And to avoid this potential vulnerability the **S boxes must NOT BE LINEAR**

### Exhaustive search attacks
Attack:
- given c and m where c = DES(k, m)
- find k knowing c and m

Q: how many such k are there. We know that m is encrypted using the specific key, but is there only one key k such that c = DES(k, m)?\
A: 
- suppose DES is an ideal cipher
- then DES is a collection of random invertible functions f: {0, 1}^64 -> {0, 1}^64 and the size of this collection is 2^56 (because there is 2^56 keys)
- we got k such that c = DES(k, m)
- there are 2^56 - 1 keys left, lets call them K'
- what is the probability that there is k' from K' such that c = DES(k, m) = DES(k', m)?

More formally:
```raw
Pr [DES(k, m) = DES(k', m)]

m -> DES(*, m) -> 2^56 different c's

DES(k) defines a permutation P. sizeof(P) = 2^64. P is uniformly distributed. All elements in P are unique (since DES(k) is invertible which means that DES(k, m) is bijective function one to one mapping). And encryption using DES is just sampling this permutation DES(k) at index m or DES(k)[m]

DES(*) defines 2^56 such permutations so we can even simplify:
DES = list[list[int]]
DES_encrypt(k, m) => DES[k][m]

In that case Pr [DES(k, m) = DES(k', m)] = 1/2^64 (sample DES(k')[m] = c with probability = 1/2^64)
But there are 2^56 such k'
So probability that there are such k' in K' is (2^56 - 1) * (1 / 2^64) = 1/256
```

**EACH MATHEMATICAL DISCRETE FUNCTION IS A PERMUTATION P** where sizeof(P) = sizeof(input space) and sizeof(uniques(P)) = sizeof(output space)

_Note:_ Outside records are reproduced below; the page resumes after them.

Lemma cost_argmin_iff_tau a b : 1 < r -> 0 <= a -> a < b -> b <= 1 -> forall y,
  (forall z, cost F r a b y <= cost F r a b z) <-> y = tau r a b (Finv F).
Proof.
  intros Hr1 Ha Hab Hb y.
  destruct (cost_has_min F HF r Hr Hmom a b Ha Hab Hb) as [ys Hys].
  assert (Hr' : 0 < 1 / r) by (apply Rdiv_lt_0_compat; lra).
  assert (ELr : forall t, Lr_dist r a b (Finv F) t = rpow (cost F r a b t) (1 / r)) by reflexivity.
  pose proof (cost_ge0 F HF r Hr Hmom a b Ha Hab Hb) as K0.
  pose proof (cost_min_unique F HF r Hr Hmom a b Ha Hab Hb Hr1) as Huniq.
  assert (Uys : is_unique_min r a b (Finv F) ys).
  { split.
    - intros s. rewrite !ELr. apply rpow_le_compat; auto.
    - intros s Hs. apply Huniq; auto. intros z. specialize (Hs z).
      rewrite !ELr in Hs. apply rpow_le_reg in Hs; auto. }
  assert (Ut : is_unique_min r a b (Finv F) (tau r a b (Finv F)))
    by (unfold tau; apply epsilon_spec; exists ys; auto).
  assert (Ets : tau r a b (Finv F) = ys) by (apply (proj2 Uys), (proj1 Ut)).
  rewrite Ets. split; [intros; apply Huniq; auto|intros ->; auto].
Qed.

Lemma block_optimal_iff_tau : 1 < r -> forall x, block_optimal x <->
  forall i, (1 <= i <= n)%nat -> Psum p (i - 1) < Psum p i ->
    x i = tau r (Psum p (i - 1)) (Psum p i) (Finv F).
Proof.
  intros Hr1 x. split.
  - intros Hb i Hi Hbi. destruct (block_in_unit i Hi).
    apply cost_argmin_iff_tau; auto.
  - intros HT i Hi Hbi z. destruct (block_in_unit i Hi).
    apply cost_argmin_iff_tau; auto.
Qed.

(* For [r > 1] the blockwise minimizers are automatically ordered, since the
   minimizer on a block lies between the values of [F^{-1}] at its endpoints. *)
Lemma block_optimal_exists : exists xs, in_Xi n xs /\ block_optimal xs.
Proof.
  set (blk := fun i => Psum p (i - 1) < Psum p i).
  assert (Hgap : forall i j, (1 <= i)%nat -> (i < j)%nat -> (j <= n)%nat -> blk j ->
    0 <= Psum p (i - 1) /\ Psum p i <= Psum p (j - 1) /\ Psum p (j - 1) < Psum p j <= 1).
  { intros i j Hi Hij Hjn Hbj. destruct (block_in_unit i ltac:(lia)).
    destruct (block_in_unit j ltac:(lia)).
    assert (Psum p i <= Psum p (j - 1)) by (apply (Psum_le n p Hp); lia). auto. }
  destruct (Rle_lt_or_eq_dec 1 r Hr) as [Hr1|Hr1].
  - set (v := fun i => epsilon (inhabits 0) (fun y => forall z,
      cost F r (Psum p (i - 1)) (Psum p i) y <= cost F r (Psum p (i - 1)) (Psum p i) z)).
    assert (Hv : forall i, (1 <= i <= n)%nat -> blk i -> forall z,
      cost F r (Psum p (i - 1)) (Psum p i) (v i) <= cost F r (Psum p (i - 1)) (Psum p i) z).
    { intros i Hi Hb. destruct (block_in_unit i Hi). apply epsilon_spec.
      apply (cost_has_min F HF r Hr Hmom); auto. }
    destruct (in_Xi_extend n blk v) as [xs [Hxs Hxv]].
    + intros i j Hi Hij Hjn Hbi Hbj.
      destruct (Hgap i j Hi Hij Hjn Hbj) as [G1 [G2 G3]].
      destruct (block_in_unit i ltac:(lia)). destruct (block_in_unit j ltac:(lia)).
      unfold blk in *.
      pose proof (cost_argmin_le_Finv F HF r Hr Hmom (Psum p (i - 1)) (Psum p i) G1 Hbi
        ltac:(lra) Hr1 (v i) (Hv i ltac:(lia) Hbi) (Psum p i) ltac:(lra)).
      pose proof (Finv_le_cost_argmin F HF r Hr Hmom (Psum p (j - 1)) (Psum p j) ltac:(lra) Hbj
        ltac:(lra) Hr1 (v j) (Hv j ltac:(lia) Hbj) (Psum p (j - 1)) ltac:(lra)).
      pose proof (Finv_nondecr F HF (Psum p i) (Psum p (j - 1)) ltac:(lra) ltac:(lra) ltac:(lra)).
      lra.
    + exists xs. split; auto. intros i Hi Hb z. rewrite Hxv by auto. apply Hv; auto.
  - set (v := fun i => Finv F ((Psum p (i - 1) + Psum p i) / 2)).
    destruct (in_Xi_extend n blk v) as [xs [Hxs Hxv]].
    + intros i j Hi Hij Hjn Hbi Hbj.
      destruct (Hgap i j Hi Hij Hjn Hbj) as [G1 [G2 G3]].
      unfold blk, v in *. apply Finv_nondecr; auto; lra.
    + exists xs. split; auto. apply block_optimal_iff_in_Q; auto.
      intros i Hi Hb. rewrite Hxv by auto. destruct (block_in_unit i Hi).
      apply Finv_in_Q; auto. unfold blk in Hb. lra.
Qed.

End Minimizers.

Theorem theorem5p4 (r : R) (F : R -> R) (n : nat) (p : nat -> R) :
  1 <= r -> is_cdf F -> finite_moment r F -> in_Pi n p ->
  (exists x, in_Xi n x /\ is_minimizer r F n p x) /\
  (r = 1 -> forall x, in_Xi n x ->
     (is_minimizer r F n p x <->
      forall i, (1 <= i <= n)%nat -> Psum p (i - 1) < Psum p i ->
        in_Q F ((Psum p (i - 1) + Psum p i) / 2) (x i))) /\
  (1 < r -> forall x, in_Xi n x ->
     (is_minimizer r F n p x <->
      forall i, (1 <= i <= n)%nat -> Psum p (i - 1) < Psum p i ->
        x i = tau r (Psum p (i - 1)) (Psum p i) (Finv F))).
Proof.
  intros Hr HF Hmom HPi.
  destruct (block_optimal_exists F HF r Hr Hmom n p HPi) as [xs [Hxs Hopt]].
  pose proof (minimizer_iff_block_optimal F HF r Hr Hmom n p HPi xs Hxs Hopt) as Hiff.
  split; [|split].
  - exists xs. split; auto. apply Hiff; auto.
  - intros Hr1 x Hx. rewrite (Hiff x Hx). apply block_optimal_iff_in_Q; auto.
  - intros Hr1 x Hx. rewrite (Hiff x Hx). apply block_optimal_iff_tau; auto.
Qed.
(* For every fixed $c\in[1,\infty)$, \[ \Pr\bigl[L_n\ge c\ln n\bigr]=n^{-K(c)+o(1)}\qquad(n\to\infty), \] where $K(c)=\dfrac{(1-c)^2}{8c}$.
   Context: Let $\xi_1,\xi_2,\dots$ be i.i.d. random variables with $\Pr[\xi_i=1]=\Pr[\xi_i=-1]=1/2$, and let $S_t=\sum_{i=1}^t\xi_i$ (simple symmetric random walk, $S_0=0$). Define $L_n=\sum_{i=1}^n S_i^2/i^2$. *)

From Stdlib Require Import Reals Lra List.
Import ListNotations.
Open Scope R_scope.

(* All 2^n sign sequences (xi_1,...,xi_n) in {+1,-1}^n; the uniform measure
   on this list is the law of (xi_1,...,xi_n). *)
Fixpoint sign_seqs (n : nat) : list (list R) :=
  match n with
  | O => [[]]
  | S m => map (cons 1) (sign_seqs m) ++ map (cons (-1)) (sign_seqs m)
  end.

Definition walk (xs : list R) (t : nat) : R := fold_right Rplus 0 (firstn t xs).

Definition Lsum (xs : list R) : R :=
  fold_right (fun i acc => (walk xs i)^2 / (INR i)^2 + acc) 0 (seq 1 (length xs)).

Definition prob_L (c : R) (n : nat) : R :=
  INR (length (filter (fun xs => if Rle_dec (c * ln (INR n)) (Lsum xs) then true else false)
                      (sign_seqs n))) / 2 ^ n.

Definition Kc (c : R) : R := (1 - c)^2 / (8 * c).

Each f :: input -> output defines a permutation P_f :: output[sizeof(input)] and\
f becomes f x = P_f[x]

In [49]:
def DES_P(k) -> list[int]:
    xs = [] # range(2^64)
    shuffle(xs, k) # shuffle xs based on k
    return xs

def DES_encrypt(k, m):
    return DES_P(k)[m]

- DES is invertible since its a feistel_network
- is lambda x: F(k_i, x) must be invertible? no because feistel_network is invertible with any F. And in fact F uses S boxes and S boxes are not invertible because it maps 2^6 into 2^4!!!
- but feistel_round itself is invertible with any F since it uses xor and that's the property of feistel_network -- its invertible with any F

Q: Is feistel_round invertible?\
A: YES!

In [50]:
n = 10061999
f = lambda x: dword_bound(*feistel_round(*dword_decay(x), lambda x: x + 123))
f_inv = lambda x: dword_swapped(dword_bound(*feistel_round(*dword_decay(dword_swapped(x)), lambda x: x + 123)))

print(f(n), f_inv(f(n)))

43215956647446826 10061999


To summarize:
- given c = DES(k, m) and m the probability that there is only one such k is 1 - 1/256
- given c0, c1 and m0, m1 probability that there is only one such k is 1 - 1/2^71
- that facts means that if you got only one pair (c, m) the key is completely determined (its safe to say that there is only one such k)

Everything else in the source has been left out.